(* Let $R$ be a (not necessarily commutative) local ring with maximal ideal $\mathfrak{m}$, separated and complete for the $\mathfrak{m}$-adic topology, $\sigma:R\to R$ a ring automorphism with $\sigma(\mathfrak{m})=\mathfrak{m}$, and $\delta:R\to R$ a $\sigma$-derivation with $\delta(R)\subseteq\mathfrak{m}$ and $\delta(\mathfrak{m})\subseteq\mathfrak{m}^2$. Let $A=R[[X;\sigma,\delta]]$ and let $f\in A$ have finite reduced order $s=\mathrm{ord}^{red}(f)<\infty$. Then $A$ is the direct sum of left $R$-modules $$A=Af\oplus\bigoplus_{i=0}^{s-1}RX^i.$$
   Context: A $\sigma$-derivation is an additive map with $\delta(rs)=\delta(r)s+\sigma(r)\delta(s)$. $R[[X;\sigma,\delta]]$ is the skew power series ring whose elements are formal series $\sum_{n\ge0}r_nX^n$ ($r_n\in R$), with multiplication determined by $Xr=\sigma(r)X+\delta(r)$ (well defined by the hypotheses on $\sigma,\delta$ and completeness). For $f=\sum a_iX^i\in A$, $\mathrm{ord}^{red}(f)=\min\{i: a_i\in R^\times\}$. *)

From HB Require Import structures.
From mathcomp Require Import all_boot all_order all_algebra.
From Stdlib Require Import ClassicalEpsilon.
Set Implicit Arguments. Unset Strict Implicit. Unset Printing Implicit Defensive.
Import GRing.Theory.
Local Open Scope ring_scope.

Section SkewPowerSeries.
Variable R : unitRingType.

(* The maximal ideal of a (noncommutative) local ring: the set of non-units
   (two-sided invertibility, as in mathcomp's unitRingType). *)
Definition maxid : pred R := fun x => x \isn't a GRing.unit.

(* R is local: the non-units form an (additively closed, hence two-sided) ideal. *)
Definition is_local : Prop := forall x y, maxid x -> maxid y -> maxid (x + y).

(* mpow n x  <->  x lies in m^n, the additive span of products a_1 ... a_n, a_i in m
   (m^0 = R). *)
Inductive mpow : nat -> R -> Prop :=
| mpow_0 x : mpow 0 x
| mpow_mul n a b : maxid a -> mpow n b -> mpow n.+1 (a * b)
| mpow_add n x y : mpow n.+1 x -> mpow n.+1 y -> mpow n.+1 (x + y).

* * *

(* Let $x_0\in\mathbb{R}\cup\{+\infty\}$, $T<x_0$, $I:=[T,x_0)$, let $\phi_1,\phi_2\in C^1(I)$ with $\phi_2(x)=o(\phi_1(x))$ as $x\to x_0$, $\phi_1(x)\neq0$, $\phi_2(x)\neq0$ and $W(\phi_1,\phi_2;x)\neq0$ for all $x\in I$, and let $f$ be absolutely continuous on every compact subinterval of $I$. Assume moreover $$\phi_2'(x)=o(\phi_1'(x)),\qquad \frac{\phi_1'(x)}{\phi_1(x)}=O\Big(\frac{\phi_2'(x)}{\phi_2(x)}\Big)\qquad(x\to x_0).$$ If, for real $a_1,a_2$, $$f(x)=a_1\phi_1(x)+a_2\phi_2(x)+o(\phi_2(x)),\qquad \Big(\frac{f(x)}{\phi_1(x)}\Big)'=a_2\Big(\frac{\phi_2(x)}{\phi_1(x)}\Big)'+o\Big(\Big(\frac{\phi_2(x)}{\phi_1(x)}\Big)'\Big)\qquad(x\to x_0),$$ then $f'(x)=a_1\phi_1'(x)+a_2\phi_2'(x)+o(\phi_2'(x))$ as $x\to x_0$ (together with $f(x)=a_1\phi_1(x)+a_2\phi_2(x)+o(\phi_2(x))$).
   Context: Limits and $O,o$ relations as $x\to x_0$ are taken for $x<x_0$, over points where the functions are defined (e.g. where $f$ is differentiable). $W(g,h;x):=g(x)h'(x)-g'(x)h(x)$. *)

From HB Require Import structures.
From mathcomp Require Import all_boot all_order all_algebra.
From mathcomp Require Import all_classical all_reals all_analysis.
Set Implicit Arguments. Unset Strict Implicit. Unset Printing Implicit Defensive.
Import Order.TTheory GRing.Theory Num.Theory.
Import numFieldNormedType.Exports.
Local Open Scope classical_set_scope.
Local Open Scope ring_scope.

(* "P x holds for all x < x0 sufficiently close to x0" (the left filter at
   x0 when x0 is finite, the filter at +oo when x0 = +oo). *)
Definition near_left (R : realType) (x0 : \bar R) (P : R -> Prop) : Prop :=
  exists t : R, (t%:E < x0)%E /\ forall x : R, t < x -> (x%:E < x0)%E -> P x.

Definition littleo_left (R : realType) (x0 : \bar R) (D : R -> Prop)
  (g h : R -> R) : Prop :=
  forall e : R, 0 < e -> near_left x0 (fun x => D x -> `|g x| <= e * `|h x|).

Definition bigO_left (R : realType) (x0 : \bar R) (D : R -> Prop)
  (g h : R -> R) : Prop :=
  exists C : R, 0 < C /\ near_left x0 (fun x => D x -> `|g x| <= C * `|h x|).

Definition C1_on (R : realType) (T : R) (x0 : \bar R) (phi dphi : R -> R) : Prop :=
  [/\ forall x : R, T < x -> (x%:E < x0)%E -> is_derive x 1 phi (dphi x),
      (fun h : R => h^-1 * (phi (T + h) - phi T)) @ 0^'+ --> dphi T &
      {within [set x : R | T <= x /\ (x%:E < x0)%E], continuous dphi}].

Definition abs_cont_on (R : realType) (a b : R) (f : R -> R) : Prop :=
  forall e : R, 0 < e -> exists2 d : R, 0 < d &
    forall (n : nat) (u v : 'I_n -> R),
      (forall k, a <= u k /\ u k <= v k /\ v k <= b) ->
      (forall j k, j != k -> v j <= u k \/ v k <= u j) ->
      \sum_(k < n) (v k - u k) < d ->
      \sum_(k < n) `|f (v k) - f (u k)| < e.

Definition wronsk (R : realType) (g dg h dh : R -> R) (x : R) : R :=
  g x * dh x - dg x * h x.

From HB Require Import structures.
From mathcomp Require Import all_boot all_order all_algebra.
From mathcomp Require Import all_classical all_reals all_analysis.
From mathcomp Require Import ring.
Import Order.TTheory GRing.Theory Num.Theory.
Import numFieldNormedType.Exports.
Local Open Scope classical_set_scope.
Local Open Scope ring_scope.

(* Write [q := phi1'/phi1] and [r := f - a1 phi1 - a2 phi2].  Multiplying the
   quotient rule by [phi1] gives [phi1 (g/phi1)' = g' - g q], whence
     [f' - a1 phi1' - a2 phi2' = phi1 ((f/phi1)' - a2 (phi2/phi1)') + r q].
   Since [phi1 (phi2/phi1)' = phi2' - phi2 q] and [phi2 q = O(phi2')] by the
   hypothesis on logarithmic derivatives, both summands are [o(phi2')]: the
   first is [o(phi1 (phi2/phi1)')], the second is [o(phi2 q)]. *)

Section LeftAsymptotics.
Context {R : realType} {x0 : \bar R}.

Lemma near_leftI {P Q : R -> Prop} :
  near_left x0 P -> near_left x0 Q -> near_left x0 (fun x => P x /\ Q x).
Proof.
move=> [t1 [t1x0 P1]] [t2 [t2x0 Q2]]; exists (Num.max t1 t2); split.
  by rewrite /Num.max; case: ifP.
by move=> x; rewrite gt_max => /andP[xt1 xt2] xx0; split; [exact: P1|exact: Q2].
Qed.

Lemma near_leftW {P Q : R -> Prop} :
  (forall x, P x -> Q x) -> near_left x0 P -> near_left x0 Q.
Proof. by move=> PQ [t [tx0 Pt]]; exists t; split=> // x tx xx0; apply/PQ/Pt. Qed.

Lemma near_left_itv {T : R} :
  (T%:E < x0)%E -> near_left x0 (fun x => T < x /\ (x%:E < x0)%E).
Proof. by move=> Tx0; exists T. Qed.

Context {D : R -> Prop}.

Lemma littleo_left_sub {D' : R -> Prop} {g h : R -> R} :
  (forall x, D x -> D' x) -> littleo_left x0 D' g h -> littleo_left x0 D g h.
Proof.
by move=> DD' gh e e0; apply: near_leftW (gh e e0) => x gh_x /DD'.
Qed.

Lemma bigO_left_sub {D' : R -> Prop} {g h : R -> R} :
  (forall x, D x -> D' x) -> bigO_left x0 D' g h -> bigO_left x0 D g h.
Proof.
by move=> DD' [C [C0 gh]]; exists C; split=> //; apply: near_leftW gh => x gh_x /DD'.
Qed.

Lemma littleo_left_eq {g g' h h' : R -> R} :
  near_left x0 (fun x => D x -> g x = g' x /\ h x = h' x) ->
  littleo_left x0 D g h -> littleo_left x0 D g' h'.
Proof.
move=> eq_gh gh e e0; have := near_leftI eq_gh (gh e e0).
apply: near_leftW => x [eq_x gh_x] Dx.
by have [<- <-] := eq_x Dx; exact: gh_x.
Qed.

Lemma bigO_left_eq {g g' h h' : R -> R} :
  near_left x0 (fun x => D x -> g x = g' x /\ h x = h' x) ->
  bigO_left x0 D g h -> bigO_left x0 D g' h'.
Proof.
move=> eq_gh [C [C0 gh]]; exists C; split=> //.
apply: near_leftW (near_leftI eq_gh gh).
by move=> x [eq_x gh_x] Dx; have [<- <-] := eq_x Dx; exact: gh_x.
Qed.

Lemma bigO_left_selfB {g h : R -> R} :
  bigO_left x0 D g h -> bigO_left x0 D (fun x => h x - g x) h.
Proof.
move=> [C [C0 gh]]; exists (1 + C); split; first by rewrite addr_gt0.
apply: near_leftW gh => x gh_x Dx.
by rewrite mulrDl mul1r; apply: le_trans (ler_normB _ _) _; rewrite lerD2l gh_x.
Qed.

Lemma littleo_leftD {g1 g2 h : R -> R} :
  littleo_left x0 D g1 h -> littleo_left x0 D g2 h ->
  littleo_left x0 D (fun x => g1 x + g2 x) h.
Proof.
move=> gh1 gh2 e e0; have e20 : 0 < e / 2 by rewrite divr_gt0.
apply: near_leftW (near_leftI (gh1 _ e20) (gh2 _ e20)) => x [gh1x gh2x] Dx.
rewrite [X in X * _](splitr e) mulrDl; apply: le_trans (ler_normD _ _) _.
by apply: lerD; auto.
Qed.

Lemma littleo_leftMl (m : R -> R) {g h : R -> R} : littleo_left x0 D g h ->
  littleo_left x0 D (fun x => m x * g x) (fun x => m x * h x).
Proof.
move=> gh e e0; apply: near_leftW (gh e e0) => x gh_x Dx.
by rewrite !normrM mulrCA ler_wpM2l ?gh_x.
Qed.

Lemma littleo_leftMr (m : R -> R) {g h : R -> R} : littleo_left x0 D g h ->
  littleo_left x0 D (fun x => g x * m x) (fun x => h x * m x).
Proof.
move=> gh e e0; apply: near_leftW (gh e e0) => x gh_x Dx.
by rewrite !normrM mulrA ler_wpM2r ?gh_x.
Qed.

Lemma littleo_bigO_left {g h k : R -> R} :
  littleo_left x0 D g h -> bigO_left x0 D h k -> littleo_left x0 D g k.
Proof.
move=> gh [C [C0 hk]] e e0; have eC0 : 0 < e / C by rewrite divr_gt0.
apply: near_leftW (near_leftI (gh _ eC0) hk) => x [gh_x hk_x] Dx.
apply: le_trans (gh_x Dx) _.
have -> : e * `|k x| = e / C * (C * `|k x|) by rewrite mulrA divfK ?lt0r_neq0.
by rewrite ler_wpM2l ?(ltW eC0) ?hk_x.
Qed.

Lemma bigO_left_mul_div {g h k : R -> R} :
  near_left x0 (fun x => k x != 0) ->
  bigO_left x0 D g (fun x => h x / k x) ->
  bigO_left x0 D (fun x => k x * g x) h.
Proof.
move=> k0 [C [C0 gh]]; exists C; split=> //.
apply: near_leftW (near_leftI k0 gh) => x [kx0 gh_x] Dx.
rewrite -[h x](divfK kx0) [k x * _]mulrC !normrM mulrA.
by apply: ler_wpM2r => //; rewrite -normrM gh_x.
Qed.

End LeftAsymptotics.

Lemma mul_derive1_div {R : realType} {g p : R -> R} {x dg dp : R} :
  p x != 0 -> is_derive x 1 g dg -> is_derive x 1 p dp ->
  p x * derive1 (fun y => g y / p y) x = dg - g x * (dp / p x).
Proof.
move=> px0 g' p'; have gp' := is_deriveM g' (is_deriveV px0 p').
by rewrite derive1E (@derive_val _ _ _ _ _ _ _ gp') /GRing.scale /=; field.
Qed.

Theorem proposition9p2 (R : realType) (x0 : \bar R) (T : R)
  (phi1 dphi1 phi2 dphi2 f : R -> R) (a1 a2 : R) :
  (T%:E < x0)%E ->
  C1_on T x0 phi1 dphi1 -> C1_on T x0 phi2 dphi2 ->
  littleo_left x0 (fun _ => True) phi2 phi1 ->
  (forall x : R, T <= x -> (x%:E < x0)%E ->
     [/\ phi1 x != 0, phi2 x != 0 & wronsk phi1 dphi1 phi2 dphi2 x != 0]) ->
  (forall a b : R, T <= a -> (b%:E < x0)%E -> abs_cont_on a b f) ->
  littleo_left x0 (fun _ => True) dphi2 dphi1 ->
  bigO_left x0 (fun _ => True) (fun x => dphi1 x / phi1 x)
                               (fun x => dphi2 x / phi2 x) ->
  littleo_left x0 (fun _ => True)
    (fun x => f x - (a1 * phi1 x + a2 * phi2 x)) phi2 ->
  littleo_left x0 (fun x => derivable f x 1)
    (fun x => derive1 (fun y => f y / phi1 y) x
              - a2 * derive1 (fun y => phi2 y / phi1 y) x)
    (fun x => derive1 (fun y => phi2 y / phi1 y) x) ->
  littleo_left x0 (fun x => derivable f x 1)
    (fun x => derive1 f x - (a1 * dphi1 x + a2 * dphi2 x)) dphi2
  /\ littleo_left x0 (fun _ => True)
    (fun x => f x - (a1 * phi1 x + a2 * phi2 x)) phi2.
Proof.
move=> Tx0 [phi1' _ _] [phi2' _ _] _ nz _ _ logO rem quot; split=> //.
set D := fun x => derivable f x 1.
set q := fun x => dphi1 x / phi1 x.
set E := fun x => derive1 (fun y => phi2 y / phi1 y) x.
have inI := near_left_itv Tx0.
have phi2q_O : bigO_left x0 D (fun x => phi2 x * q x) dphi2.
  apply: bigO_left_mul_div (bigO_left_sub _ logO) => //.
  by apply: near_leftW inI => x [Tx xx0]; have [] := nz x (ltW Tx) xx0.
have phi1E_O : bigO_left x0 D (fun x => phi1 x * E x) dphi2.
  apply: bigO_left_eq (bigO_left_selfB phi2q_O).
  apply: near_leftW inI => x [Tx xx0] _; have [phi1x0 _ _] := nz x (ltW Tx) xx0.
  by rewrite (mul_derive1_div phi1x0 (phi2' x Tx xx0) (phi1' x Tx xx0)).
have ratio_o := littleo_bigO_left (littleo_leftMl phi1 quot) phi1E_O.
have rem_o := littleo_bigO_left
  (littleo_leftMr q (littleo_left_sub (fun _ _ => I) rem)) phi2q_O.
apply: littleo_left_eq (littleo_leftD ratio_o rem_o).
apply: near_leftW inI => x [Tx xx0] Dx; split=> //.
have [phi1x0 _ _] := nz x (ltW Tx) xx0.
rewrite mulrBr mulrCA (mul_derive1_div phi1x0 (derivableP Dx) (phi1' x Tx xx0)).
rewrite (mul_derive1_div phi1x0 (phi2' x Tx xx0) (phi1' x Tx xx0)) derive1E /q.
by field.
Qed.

Work instructions:
With the line holding "(* Let $R$ be" as the first and the line holding "Context: A $\sigma$-derivation" as the last, set down that range of the entries above exactly, and nothing else.

Answer to the problem:
(* Let $R$ be a (not necessarily commutative) local ring with maximal ideal $\mathfrak{m}$, separated and complete for the $\mathfrak{m}$-adic topology, $\sigma:R\to R$ a ring automorphism with $\sigma(\mathfrak{m})=\mathfrak{m}$, and $\delta:R\to R$ a $\sigma$-derivation with $\delta(R)\subseteq\mathfrak{m}$ and $\delta(\mathfrak{m})\subseteq\mathfrak{m}^2$. Let $A=R[[X;\sigma,\delta]]$ and let $f\in A$ have finite reduced order $s=\mathrm{ord}^{red}(f)<\infty$. Then $A$ is the direct sum of left $R$-modules $$A=Af\oplus\bigoplus_{i=0}^{s-1}RX^i.$$
   Context: A $\sigma$-derivation is an additive map with $\delta(rs)=\delta(r)s+\sigma(r)\delta(s)$. $R[[X;\sigma,\delta]]$ is the skew power series ring whose elements are formal series $\sum_{n\ge0}r_nX^n$ ($r_n\in R$), with multiplication determined by $Xr=\sigma(r)X+\delta(r)$ (well defined by the hypotheses on $\sigma,\delta$ and completeness). For $f=\sum a_iX^i\in A$, $\mathrm{ord}^{red}(f)=\min\{i: a_i\in R^\times\}$. *)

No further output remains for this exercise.